G60 injectors are #26 for those who'd like to know.
I'm planning to run 42# on my 16vG60, I'll have to remember alternating and 2 injections per cycle.


----------



## j a y (Jun 16, 2003)

*Re: Official megasquirt post (OttawaG60)*

have people had good sucess tuning without the use of a wide band meter?
i have a feeling i will need to purchase one.. but don't really want to drop all the money..
there are some cheap ones ($300) on ebay, but i don't know what to think of them


----------



## ijcameron (May 17, 2001)

*Re: Official megasquirt post (j a y)*

I've tuned mine pretty well wtih the narrow band o2. I wanted to go a little richer at WOT/high revs, so what I did was add 10% to the calculated value (Megatweak will give you stoichiometric values ie 14.7:1) to richen it a little.
This is for a NA motor. On a turbo motor, I would definitely go to wideband. There is a new brand out there that does a bunch of data logging, don't rememeber the brand, but it looks real cool is only $350 shipped with the sensor and software..


----------



## OttawaG60 (Apr 7, 2001)

*Re: Official megasquirt post (ijcameron)*

Why not use the MS WB?
http://www.megasquirt2.com/PWC/index.htm


----------



## j a y (Jun 16, 2003)

*Re: Official megasquirt post (OttawaG60)*

well i'm running the megasquirt-avr board... not that it means i can't run the ms wideband..
the new version of megasquirt-avr actually has wideband built in and knock sensing and a bunch of other things.. i have version 2.2, and don't feel like converting since i just got it done...


----------



## ijcameron (May 17, 2001)

*Re: Official megasquirt post (OttawaG60)*

The MS Wideband isn't available yet - I've been hearing "coming soon" for a while. It'll probably be the cat's meow when the final version is released, but I'm not sure I can wait that long! I think April/May/June is when it's meant to be released - we'll see.
Here's the link to the WBO2 I'm dreaming about: http://www.innovatemotorsports.com/index.html
It's $349- shipped, which sounds kind of steep, but locally it's $150- an hour for dyno tuning, and I can ebay the unit when I'm finished (this is how I'll explain it to the wife!).

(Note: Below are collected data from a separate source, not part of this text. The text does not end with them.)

(* For all integers $\alpha\ge2$, $0\le m\le\alpha$ and $n\in\mathbb Z$, $$r_{\alpha-1,n}r_{\alpha-1,n+1}c_{\alpha,m,n}=r_{\alpha,n}r_{\alpha-1,n+1}c_{\alpha-1,m,n}+r_{\alpha-1,n}r_{\alpha,n+1}c_{\alpha-1,m-1,n}+r_{\alpha,n}r_{\alpha,n+1}c_{\alpha-2,m-1,n}.$$
   Context: Let $(r_{1,n})_{n\in\mathbb Z}$ be a sequence of elements of a field $K$. Set $r_{0,n}=1$ and for $\alpha\ge1$, $r_{\alpha,n}=\det_{1\le i,j\le\alpha}(r_{1,n+i+j-1-\alpha})$. For $p\ge0$ define $s_p(j)=j$ if $j\le p$ and $s_p(j)=j+1$ if $j>p$. For $\alpha\ge1$ and $0\le m\le\alpha$ define the ''Wronskian with a defect'' $$c_{\alpha,m,n}=\det_{1\le i,j\le\alpha}\bigl(r_{1,\,n+i+s_{\alpha-m}(j)-\alpha-1}\bigr),$$ set $c_{0,0,n}=1$, and set $c_{\alpha,m,n}=0$ whenever $m<0$ or $m>\alpha$. (Thus $c_{\alpha,0,n}=r_{\alpha,n}$ and $c_{\alpha,\alpha,n}=r_{\alpha,n+1}$.) *)

From HB Require Import structures.
From mathcomp Require Import all_boot all_order all_algebra.
Set Implicit Arguments. Unset Strict Implicit. Unset Printing Implicit Defensive.
Import Order.TTheory GRing.Theory Num.Theory.
Local Open Scope ring_scope.

Definition rdet (K : fieldType) (r1 : int -> K) (alpha : nat) (n : int) : K :=
  match alpha with
  | 0%N => 1
  | _ => \det (\matrix_(i < alpha, j < alpha)
                 r1 (n + (i.+1)%:Z + (j.+1)%:Z - 1 - alpha%:Z))
  end.

Definition sp (p j : nat) : nat := if (j <= p)%N then j else j.+1.

Definition cdet (K : fieldType) (r1 : int -> K) (alpha : nat) (m : int) (n : int) : K :=
  if (m < 0) || (alpha%:Z < m) then 0
  else match alpha with
  | 0%N => 1
  | _ => \det (\matrix_(i < alpha, j < alpha)
                 r1 (n + (i.+1)%:Z + (sp (alpha - `|m|%N) j.+1)%:Z - alpha%:Z - 1))
  end.

(* Write N = alpha and, for 0 < m < N, q = N + 1 - m (so 2 <= q <= N).  Consider
   N + 3 column vectors of length N: u = the first unit vector (index 0), the
   Hankel columns h_w with entries r_{1, n + i - N + w} (indices 1 <= w <= N + 1),
   and v = the last unit vector (index N + 2).  Each quantity of the identity is
   the determinant of N of these columns taken in increasing order:
     r_{N,n} = [h_1..h_N],  r_{N,n+1} = [h_2..h_N+1],  c_{N,m,n} = [h_1..h_N+1 \ h_q],
   and, after Laplace expansion along the border columns u and v,
     r_{N-1,n+1} = [u h_2..h_N],       r_{N-1,n} = [h_2..h_N v],
     c_{N-1,m-1,n} = [u h_1..h_N \ h_q],  c_{N-1,m,n} = [h_2..h_N+1 \ h_q, v],
     c_{N-2,m-1,n} = [u h_2..h_N \ h_q, v].
   With B = h_2..h_N \ h_q, the three-term Pluecker relations for the quadruples
   (u, h_1, h_q, h_N+1) and (u, v, h_q, h_N+1) over B both involve the auxiliary
   minor X = [u B h_N+1]; eliminating X yields the identity.  The boundary cases
   m = 0 and m = N reduce to trivial identities. *)

From HB Require Import structures.
From mathcomp Require Import all_boot all_order all_algebra perm zify ring.
Import Order.TTheory GRing.Theory Num.Theory.
Local Open Scope ring_scope.
Set Implicit Arguments. Unset Strict Implicit. Unset Printing Implicit Defensive.

Section ColumnSelections.
Variable K : fieldType.

Definition seldet N (col : nat -> 'I_N -> K) (f : nat -> nat) : K :=
  \det (\matrix_(i < N, j < N) col (f j) i).

Definition set_col (p x : nat) (f : nat -> nat) (j : nat) : nat :=
  if j == p then x else f j.

Definition move_col (a p : nat) (f : nat -> nat) (j : nat) : nat :=
  if (j < a)%N then f j else if j == a then f p
  else if (j <= p)%N then f j.-1 else f j.

Lemma seldet_ext N (col : nat -> 'I_N -> K) (f g : nat -> nat) :
  (forall j, (j < N)%N -> f j = g j) -> seldet col f = seldet col g.
Proof.
by move=> fg; congr (\det _); apply/matrixP => i j; rewrite !mxE fg.
Qed.

Lemma seldet_rep N (col : nat -> 'I_N -> K) (f : nat -> nat) (j1 j2 : nat) :
  (j1 < N)%N -> (j2 < N)%N -> j1 != j2 -> f j1 = f j2 -> seldet col f = 0.
Proof.
move=> lt1 lt2 ne12 eq12; rewrite /seldet -det_tr.
apply: (@determinant_alternate _ _ _ (Ordinal lt1) (Ordinal lt2)) => // j.
by rewrite !mxE /= eq12.
Qed.

Lemma seldet_swap N (col : nat -> 'I_N -> K) (f : nat -> nat) (x y : nat) :
  (x < N)%N -> (y < N)%N -> x != y ->
  seldet col (set_col x (f y) (set_col y (f x) f)) = - seldet col f.
Proof.
move=> ltx lty nexy; rewrite /seldet; pose X := Ordinal ltx; pose Y := Ordinal lty.
have -> : \matrix_(i < N, j < N) col (set_col x (f y) (set_col y (f x) f) j) i
        = xcol X Y (\matrix_(i, j) col (f j) i).
  apply/matrixP => i j; rewrite !mxE /set_col.
  case: tpermP => [-> | -> | /eqP nejx /eqP nejy]; rewrite ?eqxx //.
  - by rewrite ifF //; apply/negbTE; rewrite eq_sym.
  - rewrite -!(inj_eq val_inj) /= in nejx nejy.
    by rewrite (negbTE nejx) (negbTE nejy).
rewrite (@xcolE K N N X Y) det_mulmx det_perm odd_tperm.
by rewrite -(inj_eq val_inj) nexy mulrN1.
Qed.

(* Moving a column d steps to the left is a product of d transpositions. *)
Lemma seldet_move N (col : nat -> 'I_N -> K) (f : nat -> nat) (a d : nat) :
  (a + d < N)%N -> seldet col (move_col a (a + d) f) = (-1) ^+ d * seldet col f.
Proof.
elim: d f => [|d IHd] f lt_adN.
  rewrite expr0 mul1r; apply: seldet_ext => j _; rewrite /move_col.
  by repeat case: ifP => ?; first [reflexivity | congr (f _); lia].
rewrite exprS mulN1r mulNr -mulrN -(@seldet_swap N col f (a + d) (a + d).+1); try lia.
rewrite -IHd; last lia.
apply: seldet_ext => j _; rewrite /move_col /set_col.
by repeat case: ifP => ?; first [reflexivity | exfalso; lia | congr (f _); lia].
Qed.

(* For N + 1 columns g 0, ..., g N of length N, the vector of signed maximal
   minors is in the kernel: sum_j (-1)^j g_j det(g without g_j) = 0.  This is the
   Laplace expansion of the (N+1)-square matrix obtained by repeating a row. *)
Lemma seldet_kernel N (col : nat -> 'I_N -> K) (g : nat -> nat) (i : 'I_N) :
  \sum_(j < N.+1) (-1) ^+ j * col (g j) i * seldet col (fun l => g (bump j l)) = 0.
Proof.
pose V := \matrix_(a < N, b < N.+1) col (g b) a.
pose W := \matrix_(a < N.+1, b < N.+1) V (odflt i (unlift 0 a)) b.
have detW : \det W = 0.
  apply: (@determinant_alternate _ _ W 0 (lift 0 i)); first exact: neq_lift.
  by move=> b; rewrite !mxE unlift_none liftK.
rewrite -[RHS]detW (expand_det_row _ 0); apply: eq_bigr => j _.
have minorE : \det (row' 0 (col' j W)) = seldet col (fun l => g (bump j l)).
  by congr (\det _); apply/matrixP => a b; rewrite !mxE liftK.
by rewrite /cofactor minorE !mxE unlift_none add0n mulrCA mulrA.
Qed.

_Modified by ijcameron at 10:19 AM 4-8-2004_


----------



## sold on expense (Mar 22, 2003)

*Re: Official megasquirt post (ijcameron)*


_Quote, originally posted by *ijcameron* »_
It's $349- shipped, which sounds kind of steep, but locally it's $150- an hour for dyno tuning, and I can ebay the unit when I'm finished (this is how I'll explain it to the wife!).


But considering how much the sensor kits used to be, that's a pretty kick-ass deal...definitely a complement buy to Megasquirt. Is it just me, or are all the megasquirt pages a wee bit confusing? I'm on the internet all the time, reading n'shiz, but I think it'll take three weeks for me to figure out how to buy Megasquirt-AVR, how to hook up ignition control, and how to get a 3-bar map sensor in there.


----------



## GTIMan82 (Jul 8, 2002)

*Re: Official megasquirt post (sold on expense)*

Lol man, its a LOT of reading... 
Just so you know if you order everything for the megasquirt 2.2 kit or the "newest" one you will get a 33psi map sensor. 3bar? i dont know the conversion... wish I knew that one off the top of my head though. 2.54cm=1inch? hehe 
As for ignition control I would recommend buying a seperate unit and just hooking up a tach wire to the megasquirt. Im running stock CIS-E ignintion right now and it works fine.
Man you think reading on trying to put it together is tough, the enrichments page, the constants page, the VE table.... you have to read and figure all these little fields out before your car is tuned right. Going to school full time + 2 part time jobs = not a lot of patience!! But im slowly figuring it out.... I dont know where I would be without the tips ijcameron gave me... Anyways, the car runs MUCH better with Digi II injectors running at about 22lb hr vs 60lb hr...


----------



## sold on expense (Mar 22, 2003)

*Re: Official megasquirt post (CrackerX)*


_Quote, originally posted by *CrackerX* »_Lol man, its a LOT of reading... 
Just so you know if you order everything for the megasquirt 2.2 kit or the "newest" one you will get a 33psi map sensor. 3bar? i dont know the conversion... wish I knew that one off the top of my head though. 2.54cm=1inch? hehe 
As for ignition control I would recommend buying a seperate unit and just hooking up a tach wire to the megasquirt. Im running stock CIS-E ignintion right now and it works fine.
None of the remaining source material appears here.